• **DATA SHOWN**:
/---
(* In the model described in the context (for any $n>2$, any $\mu\in(0,1)$, any finite set $Q$ of full-support conditional distributions, any collection $\mathcal{R}$ of admissible DAGs, any ideal policy $d^*\in D$ and any symmetric convex cost function $C$ with $C(0)=C'(0)=0$), an equilibrium $(\alpha,\sigma)$ exists.
   Context: Let $n>2$ and $X=X_1\times\cdots\times X_n$ with $X_i=\{0,1\}$. For $x\in X$, write $a=x_1$ (action) and $y=x_n$ (consequence). For $N\subseteq\{1,\dots,n\}$, $X_N=\times_{i\in N}X_i$. Let $Q$ be a finite set of conditional distributions of $(x_2,\dots,x_{n-1})$ given $(x_1,x_n)$, each with full support for every $(x_1,x_n)$. For $\alpha,\mu\in(0,1)$, $P_{\alpha,\mu}$ is the set of distributions $p$ on $X$ with $p(a=1)=\alpha$, $p(y=1\mid a)=\mu$ for both values of $a$, and $p(\cdot\mid x_1,x_n)\in Q$. A DAG is a pair $(N,R)$ with $N\subseteq\{1,\dots,n\}$ and $R\subseteq N\times N$ acyclic; $R(i)=\{j\in N: jRi\}$. $\mathcal{R}$ is a (finite) collection of DAGs $(N,R)$ with $\{1,n\}\subseteq N$ and no directed path from $n$ to $1$. A narrative is a pair $s=(p,R)\in P_{\alpha,\mu}\times\mathcal{R}$; it induces $p_R(x_N)=\prod_{i\in N}p(x_i\mid x_{R(i)})$, and $p_R(y\mid a)$ is the conditional derived from $p_R$. Let $D=[\varepsilon,1-\varepsilon]$ for a small $\varepsilon>0$ (policies $d$ = proposed frequency of $a=1$). Gross anticipatory utility: $V(s,d\mid\alpha)=d\,p_R(y=1\mid a=1)+(1-d)\,p_R(y=1\mid a=0)$. With ideal policy $d^*\in D$ and a symmetric convex cost function $C$ with $C(0)=C'(0)=0$, net anticipatory utility is $U(s,d\mid\alpha)=V(s,d\mid\alpha)-C(d-d^* )$. An equilibrium is a pair of $\alpha\in[0,1]$ and a probability distribution $\sigma$ over narrative-policy pairs $(s,d)\in P_{\alpha,\mu}\times\mathcal{R}\times D$ such that every element of the support of $\sigma$ maximizes $U(s,d\mid\alpha)$ over $P_{\alpha,\mu}\times\mathcal{R}\times D$, and $\alpha=\sum_{(s,d)}\sigma(s,d)\,d$. *)

From HB Require Import structures.
From mathcomp Require Import all_boot all_order all_algebra.
From mathcomp Require Import all_classical all_reals all_analysis.
Set Implicit Arguments. Unset Strict Implicit. Unset Printing Implicit Defensive.
Import Order.TTheory GRing.Theory Num.Theory.
Local Open Scope ring_scope.

(* Coordinates are indexed by 'I_n; coordinate 1 of the paper is the index
   with value 0, coordinate n of the paper is the index with value n-1. *)
Definition X (n : nat) := {ffun 'I_n -> bool}.

Definition isA (n : nat) (i : 'I_n) : bool := val i == 0%N.
Definition isY (n : nat) (i : 'I_n) : bool := val i == n.-1.

Definition aval (n : nat) (x : X n) : bool := [exists i, isA i && x i].
Definition yval (n : nat) (x : X n) : bool := [exists i, isY i && x i].

Definition endpts (n : nat) : {set 'I_n} := [set i | isA i || isY i].

Definition marg {R : realType} (n : nat) (p : X n -> R) (S : {set 'I_n})
  (x : X n) : R :=
  \sum_(z : X n | [forall i in S, z i == x i]) p z.

Definition cond {R : realType} (n : nat) (p : X n -> R) (i : 'I_n)
  (S : {set 'I_n}) (x : X n) : R :=
  marg p (i |: S) x / marg p S x.

Definition is_distr {R : realType} (n : nat) (p : X n -> R) : Prop :=
  (forall x, 0 <= p x) /\ \sum_(x : X n) p x = 1.

(* q x = probability of the middle coordinates (x_2..x_{n-1}) of x given
   the endpoint coordinates (x_1, x_n) of x; full support. *)
Definition is_full_cond_dist {R : realType} (n : nat) (q : {ffun X n -> R})
  : Prop :=
  (forall x, 0 < q x) /\
  (forall x, \sum_(z : X n | [forall i in endpts n, z i == x i]) q z = 1).

Definition probA {R : realType} (n : nat) (p : X n -> R) (b : bool) : R :=
  \sum_(x : X n | aval x == b) p x.

Definition condYA {R : realType} (n : nat) (p : X n -> R) (b : bool) : R :=
  (\sum_(x : X n | (aval x == b) && yval x) p x) / probA p b.

Definition inP {R : realType} (n : nat) (alpha mu : R)
  (Q : seq {ffun X n -> R}) (p : X n -> R) : Prop :=
  is_distr p /\ probA p true = alpha /\ (forall b, condYA p b = mu) /\
  exists2 q, q \in Q & forall x, p x / marg p (endpts n) x = q x.

(* A DAG (N, R): node set N and edge set R (pairs (j,i) meaning j R i). *)
Definition DAG (n : nat) := ({set 'I_n} * {set ('I_n * 'I_n)})%type.

Definition edge (n : nat) (g : DAG n) : rel 'I_n := fun u v => (u, v) \in g.2.

Definition admissible (n : nat) (g : DAG n) : Prop :=
  (forall i j, (i, j) \in g.2 -> (i \in g.1) && (j \in g.1)) /\
  (forall i j, (i, j) \in g.2 -> ~~ connect (edge g) j i) /\
  (forall i, isA i || isY i -> i \in g.1) /\
  (forall i j, isY i -> isA j -> ~~ connect (edge g) i j).

Definition parents (n : nat) (g : DAG n) (i : 'I_n) : {set 'I_n} :=
  [set j in g.1 | (j, i) \in g.2].

Definition pR {R : realType} (n : nat) (p : X n -> R) (g : DAG n) (x : X n)
  : R := \prod_(i in g.1) cond p i (parents g i) x.

(* canonical embedding of X_N into X: coordinates outside N set to 0 *)
Definition inXN (n : nat) (g : DAG n) (x : X n) : bool :=
  [forall i, (i \notin g.1) ==> ~~ x i].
\---
• **PROBLEM DETAILS**: Reproduce only the lines above spanning from the line containing "aval x == b) p x." through the line containing "is_distr p /\", word for word.

• **TASK OUTPUT**:
  \sum_(x : X n | aval x == b) p x.

Definition condYA {R : realType} (n : nat) (p : X n -> R) (b : bool) : R :=
  (\sum_(x : X n | (aval x == b) && yval x) p x) / probA p b.

Definition inP {R : realType} (n : nat) (alpha mu : R)
  (Q : seq {ffun X n -> R}) (p : X n -> R) : Prop :=
  is_distr p /\ probA p true = alpha /\ (forall b, condYA p b = mu) /\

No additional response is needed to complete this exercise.